Re: Why is the optimiser choosing the slower query, or, understanding explain analyze output

От
Jeff Janes
Дата:
On Mon, Feb 17, 2014 at 1:54 PM, Alistair Bayley <alistair@abayley.org> wrote:
I have postgresql 8.4.15 on Ubuntu 10.04 and this query:

    SELECT MAX(probeTable.PROBE_ALARM_EVENT_ID) AS MAX_EVENT_ID
    FROM ALARM_EVENT eventTable
    INNER JOIN ALARM_EVENT_PROBE probeTable
       ON eventTable.ALARM_EVENT_ID = probeTable.ALARM_EVENT_ID
    WHERE probeTable.PROBE_ID = 2

which is running slower than it could. Table definitions and explain
analyze output below.
The first explain is the current plan (uses sequential scans).
The second is after I have disabled sequential scans, and is the plan
I would prefer.

I have vacuum analyzed both tables. In terms of relevant changes to
the default postgresql.conf, we have these:

    shared_buffers = 28MB
    constraint_exclusion = on

I want to understand why the optimiser is choosing the plan with
sequential table scans, rather than the plan with index scans.
I am not sure how to interpret the predicted vs actual times/costs,
and want to understand why the predicted cost for the index scan plan
seems to be way off.

The planner clamps the estimated number of rows from an index scan at 1 row, even if it actually believes the number will be 0.  That makes the logical simpler, avoiding needs to test for division by zero all over the place, and probably makes it more robust to mis-estimation in most use cases.  But in this case, that means it thinks it will find 34 rows, one from each partition, which is way too high.  

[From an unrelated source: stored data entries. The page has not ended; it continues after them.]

Definition Erange (p q : baire) : Prop :=
  (forall m, exists k, p m = q k) /\ (forall m, exists k, q m = p k).

(* Cantor pairing: a computable bijection N^2 -> N. *)
Definition cpair (m n : nat) : nat := (m + n) * (m + n + 1) / 2 + n.

Definition column (p : baire) (m : nat) : baire := fun n => p (cpair m n).

Definition E3 (p q : baire) : Prop :=
  forall m, E0 (column p m) (column q m).

Definition learn_le (X Y : baire -> baire -> Prop) : Prop :=
  forall sig K, family sig K -> learnable X sig K -> learnable Y sig K.

Definition learn_lt (X Y : baire -> baire -> Prop) : Prop :=
  learn_le X Y /\ ~ learn_le Y X.

(* E_range reduces continuously to E_3: send p to the array whose m-th column
   is the indicator sequence of "m occurs among p 0, ..., p n"; this column is
   eventually 1 if m is in the range of p and constantly 0 otherwise.

   For the separation take the two graphs made of the edges {2i+1, 2i+2}, the
   odd endpoint carrying a loop, plus an isolated vertex 0 that is looped in
   one graph and not in the other.  Reading the loop bit of the first vertex
   that looks isolated so far gives a learner converging to the isomorphism
   type, hence an E_3-learner.  But every finite piece of either graph is a
   piece of a copy of the other one (swap 0 with a vertex c beyond the piece
   whose loop bit is the wanted one; inside the piece c looks isolated), so the outputs of a continuous
   E_range-learner on one graph all occur on the other; the two graphs would
   get E_range-equivalent codes. *)
From Stdlib Require Import Arith Lia List Classical Cantor.
Import ListNotations.

Lemma cpair_to_nat m n : cpair m n = Cantor.to_nat (m, n).
Proof.
  rewrite Cantor.to_nat_spec2; unfold cpair.
  replace ((n + m) * S (n + m)) with ((m + n) * (m + n + 1)) by ring. lia.
Qed.

Lemma le_cpair_r m n : n <= cpair m n.
Proof. rewrite cpair_to_nat. pose proof (Cantor.to_nat_non_decreasing m n). lia. Qed.

Lemma le_of_nat_snd k : snd (Cantor.of_nat k) <= k.
Proof.
  pose proof (Cantor.cancel_to_of k) as Hk.
  destruct (Cantor.of_nat k) as [m n]; simpl.
  pose proof (Cantor.to_nat_non_decreasing m n). lia.
Qed.

Lemma in_list_max x l : In x l -> x <= list_max l.
Proof.
  intros Hx. pose proof (proj1 (list_max_le l (list_max l)) (le_n _)) as Hl.
  rewrite Forall_forall in Hl. auto.
Qed.

Lemma forallb_ext_in {A} (f g : A -> bool) l :
  (forall x, In x l -> f x = g x) -> forallb f l = forallb g l.
Proof. induction l as [|a l IH]; simpl; intros H; auto. rewrite H, IH; auto. Qed.

Lemma find_ext_in {A} (f g : A -> bool) l :
  (forall x, In x l -> f x = g x) -> find f l = find g l.
Proof. induction l as [|a l IH]; simpl; intros H; auto. rewrite H, IH; auto. Qed.
Lemma nested_cons (z : R) (zs : list R) (k : nat) :
  nested (z :: zs) k = lsum (fun a => z ^ a / INR a * nested zs a) (seq 1 (k - 1)).
Proof. apply sum_range_from_1. Qed.

Lemma nested_cons_succ (z : R) (zs : list R) (k : nat) : (1 <= k)%nat ->
  nested (z :: zs) (S k) = nested (z :: zs) k + z ^ k / INR k * nested zs k.
Proof.
  intros Hk; rewrite !nested_cons.
  replace (S k - 1)%nat with (S (k - 1)) by lia.
  rewrite seq_S, lsum_app; replace (1 + (k - 1))%nat with k by lia.
  unfold lsum at 2; simpl; ring.
Qed.

Lemma prodR_ge1 (zs : list R) : List.Forall (fun z => 1 <= z) zs -> 1 <= prodR zs.
Proof.
  induction 1 as [|z zs Hz _ IH]; simpl; [lra|].
  rewrite <- (Rmult_1_l 1) at 1. apply Rmult_le_compat; lra.
Qed.

Lemma nested_bounds (zs : list R) (k : nat) :
  List.Forall (fun z => 1 <= z) zs ->
  0 <= nested zs k <= INR k ^ length zs * prodR zs ^ k.
Proof.
  intros Hzs; revert k; induction Hzs as [|z zs Hz Hzs IH]; intros k.
  - simpl; rewrite pow1; lra.
  - assert (HP := prodR_ge1 zs Hzs).
    set (q := z * prodR zs).
    assert (Hq : 1 <= q) by (unfold q; rewrite <- (Rmult_1_l 1); apply Rmult_le_compat; lra).
    assert (Hterm : forall a, In a (seq 1 (k - 1)) ->
      0 <= z ^ a / INR a * nested zs a <= INR k ^ length zs * q ^ k).
    { intros a Ha; apply in_seq in Ha.
      assert (Ha1 : 1 <= INR a) by (apply (le_INR 1); lia).
      assert (Hak : INR a <= INR k) by (apply le_INR; lia).
      destruct (IH a) as [N0 N1].
      assert (Hza : 0 <= z ^ a / INR a) by (apply Rdiv_le_0_compat; [apply pow_le|]; lra).
      assert (Hdiv : z ^ a / INR a <= z ^ a).
      { apply Rmult_le_reg_r with (INR a); [lra|].
        unfold Rdiv; rewrite Rmult_assoc, Rinv_l by lra.
        assert (0 <= z ^ a) by (apply pow_le; lra). nra. }
      split; [now apply Rmult_le_pos|].
      apply Rle_trans with (z ^ a * (INR a ^ length zs * prodR zs ^ a)).
      { apply Rmult_le_compat; auto. }
      replace (z ^ a * (INR a ^ length zs * prodR zs ^ a))
        with (INR a ^ length zs * q ^ a) by (unfold q; rewrite Rpow_mult_distr; ring).
      apply Rmult_le_compat; try (apply pow_le; lra).
      + apply pow_incr; lra.
      + apply Rle_pow; [lra | lia]. }
    destruct (lsum_bound _ _ _ Hterm) as [S0 S1].
    rewrite length_seq in S1.
    assert (Hk : INR (k - 1) <= INR k) by (apply le_INR; lia).
    assert (0 <= INR k ^ length zs * q ^ k)
      by (apply Rmult_le_pos; apply pow_le; [apply pos_INR | lra]).
    rewrite nested_cons; cbn [length prodR fold_right]; fold (prodR zs); fold q.
    split; [exact S0|]. simpl pow. nra.
Qed.

(* The weights z_i = (n+2-i)/(n+1-i) of M_{j,n}: peeling off z_2 = n/(n-1) leaves the
   weights of M_{j-1,n-1}; all weights are >= 1 and their product telescopes. *)
Lemma z_tail_cons (j n : nat) : (1 <= n)%nat ->
  z_tail (S (S j)) n = INR n / (INR n - 1) :: z_tail (S j) (n - 1).
Proof.
  intros Hn; unfold z_tail.
  replace (S (S j) - 1)%nat with (S j) by lia; replace (S j - 1)%nat with j by lia.
  cbn [seq map]; f_equal.
  - f_equal; simpl; ring.
  - rewrite <- seq_shift, map_map; apply map_ext; intros i.
    rewrite minus_INR, S_INR by lia; simpl; f_equal; ring.
Qed.

Lemma z_tail_length (j n : nat) : length (z_tail j n) = (j - 1)%nat.
Proof. unfold z_tail; now rewrite length_map, length_seq. Qed.

Lemma z_tail_ge1 (j n : nat) : (j <= n)%nat -> List.Forall (fun z => 1 <= z) (z_tail j n).
Proof.
  intros Hjn; apply Forall_forall; intros z Hz.
  unfold z_tail in Hz; apply in_map_iff in Hz as [i [<- Hi]]; apply in_seq in Hi.
  assert (Hin : INR i <= INR n) by (apply le_INR; lia).
  apply Rmult_le_reg_r with (INR n + 1 - INR i); [lra|].
  unfold Rdiv; rewrite Rmult_assoc, Rinv_l by lra; lra.
Qed.

Lemma z_tail_prod (j n : nat) : (j < n)%nat ->
  prodR (z_tail (S j) n) = INR n / (INR n - INR j).
Proof.
  revert n; induction j as [|j IH]; intros n Hjn.
  - assert (0 < INR n) by (apply lt_0_INR; lia).
    simpl; field; lra.
  - rewrite z_tail_cons by lia; cbn [prodR fold_right]; fold (prodR (z_tail (S j) (n - 1))).
    rewrite IH, minus_INR, (S_INR j) by lia.
    assert (INR j + 2 <= INR n)
      by (replace 2 with (INR 2) by reflexivity; rewrite <- plus_INR; apply le_INR; lia).
    assert (0 <= INR j) by apply pos_INR.
    replace (INR 1) with 1 by reflexivity; field; split; lra.
Qed.

Lemma CV_radius_dominated (a b : nat -> R) :
  (forall k, Rabs (a k) <= Rabs (b k)) -> Rbar_le (CV_radius b) (CV_radius a).
Proof.
  intros Hab.
  destruct (CV_radius_bounded a) as [Ha _]; destruct (CV_radius_bounded b) as [_ Hb].
  apply Hb; intros r [B HB]; apply Ha; exists B; intros k.
  apply Rle_trans with (2 := HB k); rewrite !Rabs_mult.
  apply Rmult_le_compat_r; [apply Rabs_pos | apply Hab].
Qed.

(* k^m <= (k+1)(k+2)...(k+m), the coefficient factor of the m-th derivative. *)
Lemma pow_le_fact_ratio (k m : nat) :
  INR k ^ m <= INR (Factorial.fact (k + m)) / INR (Factorial.fact k).
Proof.
  assert (Hk : 0 < INR (Factorial.fact k)) by apply INR_fact_lt_0.
  induction m as [|m IH].
  - rewrite Nat.add_0_r; simpl; right; field; lra.
  - rewrite Nat.add_succ_r, fact_simpl, mult_INR.
    assert (INR k <= INR (S (k + m))) by (apply le_INR; lia).
    assert (0 <= INR k ^ m) by (apply pow_le, pos_INR).
    replace (INR (S (k + m)) * INR (Factorial.fact (k + m)) / INR (Factorial.fact k))
      with (INR (S (k + m)) * (INR (Factorial.fact (k + m)) / INR (Factorial.fact k)))
      by (field; lra).
    simpl pow; apply Rmult_le_compat; auto using pos_INR.
Qed.

Lemma CV_radius_geom (c : R) : 0 < c -> CV_radius (fun k => c ^ k) = / c.
Proof.
  intros Hc; apply CV_radius_finite_DAlembert; auto.
  - intros k; apply pow_nonzero; lra.
  - apply (is_lim_seq_ext (fun _ => c)); [|apply is_lim_seq_const].
    intros k; replace (c ^ S k / c ^ k) with c by (simpl; field; apply pow_nonzero; lra).
    rewrite Rabs_pos_eq; lra.
Qed.

(* Coefficients O(k^m c^k) give radius at least 1/c: they are dominated by the
   coefficients of the m-th derivative of the geometric series sum c^k y^k. *)
Lemma CV_radius_poly_geom_bound (a : nat -> R) (m : nat) (c : R) :
  0 < c -> (forall k, Rabs (a k) <= INR k ^ m * c ^ k) -> Rbar_le (/ c) (CV_radius a).
Proof.
  intros Hc Ha.
  set (b := PS_scal (/ c ^ m) (PS_derive_n m (fun k => c ^ k))).
  assert (Hb : CV_radius b = / c).
  { unfold b; rewrite CV_radius_scal, CV_radius_derive_n
      by (apply Rinv_neq_0_compat, pow_nonzero; lra).
    now apply CV_radius_geom. }
  rewrite <- Hb; apply CV_radius_dominated; intros k.
  assert (Hcm : 0 < c ^ m) by (apply pow_lt; lra).
  assert (Hck : 0 < c ^ k) by (apply pow_lt; lra).
  assert (Hf : 0 < INR (Factorial.fact k)) by apply INR_fact_lt_0.
  assert (Hbk : b k = INR (Factorial.fact (k + m)) / INR (Factorial.fact k) * c ^ k).
  { unfold b, PS_scal, PS_derive_n; change scal with Rmult; simpl; rewrite pow_add; field; lra. }
  rewrite Hbk, (Rabs_pos_eq (_ * _)).
  - apply Rle_trans with (1 := Ha k); apply Rmult_le_compat_r; [lra | apply pow_le_fact_ratio].
  - apply Rmult_le_pos; [apply Rdiv_le_0_compat; [apply pos_INR | lra] | lra].
Qed.

(* M_{j,n} as a power series in y, extended by M_{0,n} = 1 (coefficients 1, 0, 0, ...). *)
Definition Mcoef (j n k : nat) : R :=
  match j, k with
  | O, O => 1
  | O, S _ => 0
  | S _, O => 0
  | S _, S _ => (/ INR n) ^ k / INR k * nested (z_tail j n) k
  end.

Definition Mser (j n : nat) (y : R) : R := PSeries (Mcoef j n) y.

Lemma M_eq_Mser (j n : nat) (y : R) : (1 <= j)%nat -> M j n y = Mser j n y.
Proof.
  intros Hj; destruct j as [|j]; [lia|].
  unfold M, Mser, PSeries; apply Series_ext; intros [|k]; simpl Nat.eqb; cbv iota.
  - simpl; ring.
  - cbn [Mcoef]; unfold Rdiv; rewrite Rpow_mult_distr; ring.
Qed.

Lemma Mser_0 (n : nat) (y : R) : Mser 0 n y = 1.
Proof.
  apply is_series_unique, (is_series_ext (fun k => 0 ^ k)).
  - intros [|k]; simpl; ring.
  - replace 1 with (/ (1 - 0)) by (rewrite Rminus_0_r; apply Rinv_1).
    apply is_series_geom; rewrite Rabs_R0; lra.
Qed.

Lemma Mser_at_0 (j n : nat) : (1 <= j)%nat -> Mser j n 0 = 0.
Proof. intros Hj; unfold Mser; rewrite PSeries_0; destruct j; [lia | reflexivity]. Qed.

Lemma Mcoef_bound (j n k : nat) : (j < n)%nat ->
  Rabs (Mcoef j n k) <= INR k ^ pred j * (/ 2) ^ k.
Proof.
  intros Hjn.
  assert (Hpos : 0 <= INR k ^ pred j * (/ 2) ^ k)
    by (apply Rmult_le_pos; apply pow_le; [apply pos_INR | lra]).
  destruct j as [|i], k as [|k]; cbn [Mcoef];
    try (rewrite Rabs_R0; exact Hpos); [rewrite Rabs_R1; simpl; lra|].
  cbn [pred]; set (K := INR (S k)); set (N := nested (z_tail (S i) n) (S k)).
  assert (HK : 1 <= K) by (apply (le_INR 1); lia).
  assert (Hin : INR i + 2 <= INR n)
    by (replace 2 with (INR 2) by reflexivity; rewrite <- plus_INR; apply le_INR; lia).
  assert (Hi : 0 <= INR i) by apply pos_INR.
  destruct (nested_bounds (z_tail (S i) n) (S k) (z_tail_ge1 (S i) n ltac:(lia))) as [N0 N1].
  rewrite z_tail_length, z_tail_prod in N1 by lia; replace (S i - 1)%nat with i in N1 by lia.
  fold N in N0; fold K N in N1.
  assert (Hp : 0 <= (/ INR n) ^ S k) by (apply pow_le, Rlt_le, Rinv_0_lt_compat; lra).
  rewrite Rabs_pos_eq by (apply Rmult_le_pos; [apply Rdiv_le_0_compat|]; lra).
  apply Rle_trans with ((/ INR n) ^ S k * N).
  { apply Rmult_le_compat_r; [lra|].
    unfold Rdiv; rewrite <- (Rmult_1_r ((/ INR n) ^ S k)) at 2.
    apply Rmult_le_compat_l; [lra|]. rewrite <- Rinv_1; apply Rinv_le_contravar; lra. }
  apply Rle_trans with ((/ INR n) ^ S k * (K ^ i * (INR n / (INR n - INR i)) ^ S k)).
  { now apply Rmult_le_compat_l. }
  replace ((/ INR n) ^ S k * (K ^ i * (INR n / (INR n - INR i)) ^ S k))
    with (K ^ i * (/ (INR n - INR i)) ^ S k).
  2:{ replace (/ (INR n - INR i)) with (/ INR n * (INR n / (INR n - INR i))) by (field; lra).
      rewrite Rpow_mult_distr; ring. }
  apply Rmult_le_compat_l; [apply pow_le; lra|].
  apply pow_incr; split; [apply Rlt_le, Rinv_0_lt_compat; lra | apply Rinv_le_contravar; lra].
Qed.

Now, there certainly is some cost to test an index and finding that no rows in it can match.  But your query is probably probing the same spot in each index for each negative match, which means all the blocks are already in memory.  But PostgreSQL doesn't know that, so even if it didn't do the clamp it would probably still not get the right answer.

Cheers,

Jeff

Re: Why is the optimiser choosing the slower query, or, understanding explain analyze output

От
Tom Lane
Дата:
Jeff Janes <jeff.janes@gmail.com> writes:
> On Mon, Feb 17, 2014 at 1:54 PM, Alistair Bayley <alistair@abayley.org>wrote:
>> I want to understand why the optimiser is choosing the plan with
>> sequential table scans, rather than the plan with index scans.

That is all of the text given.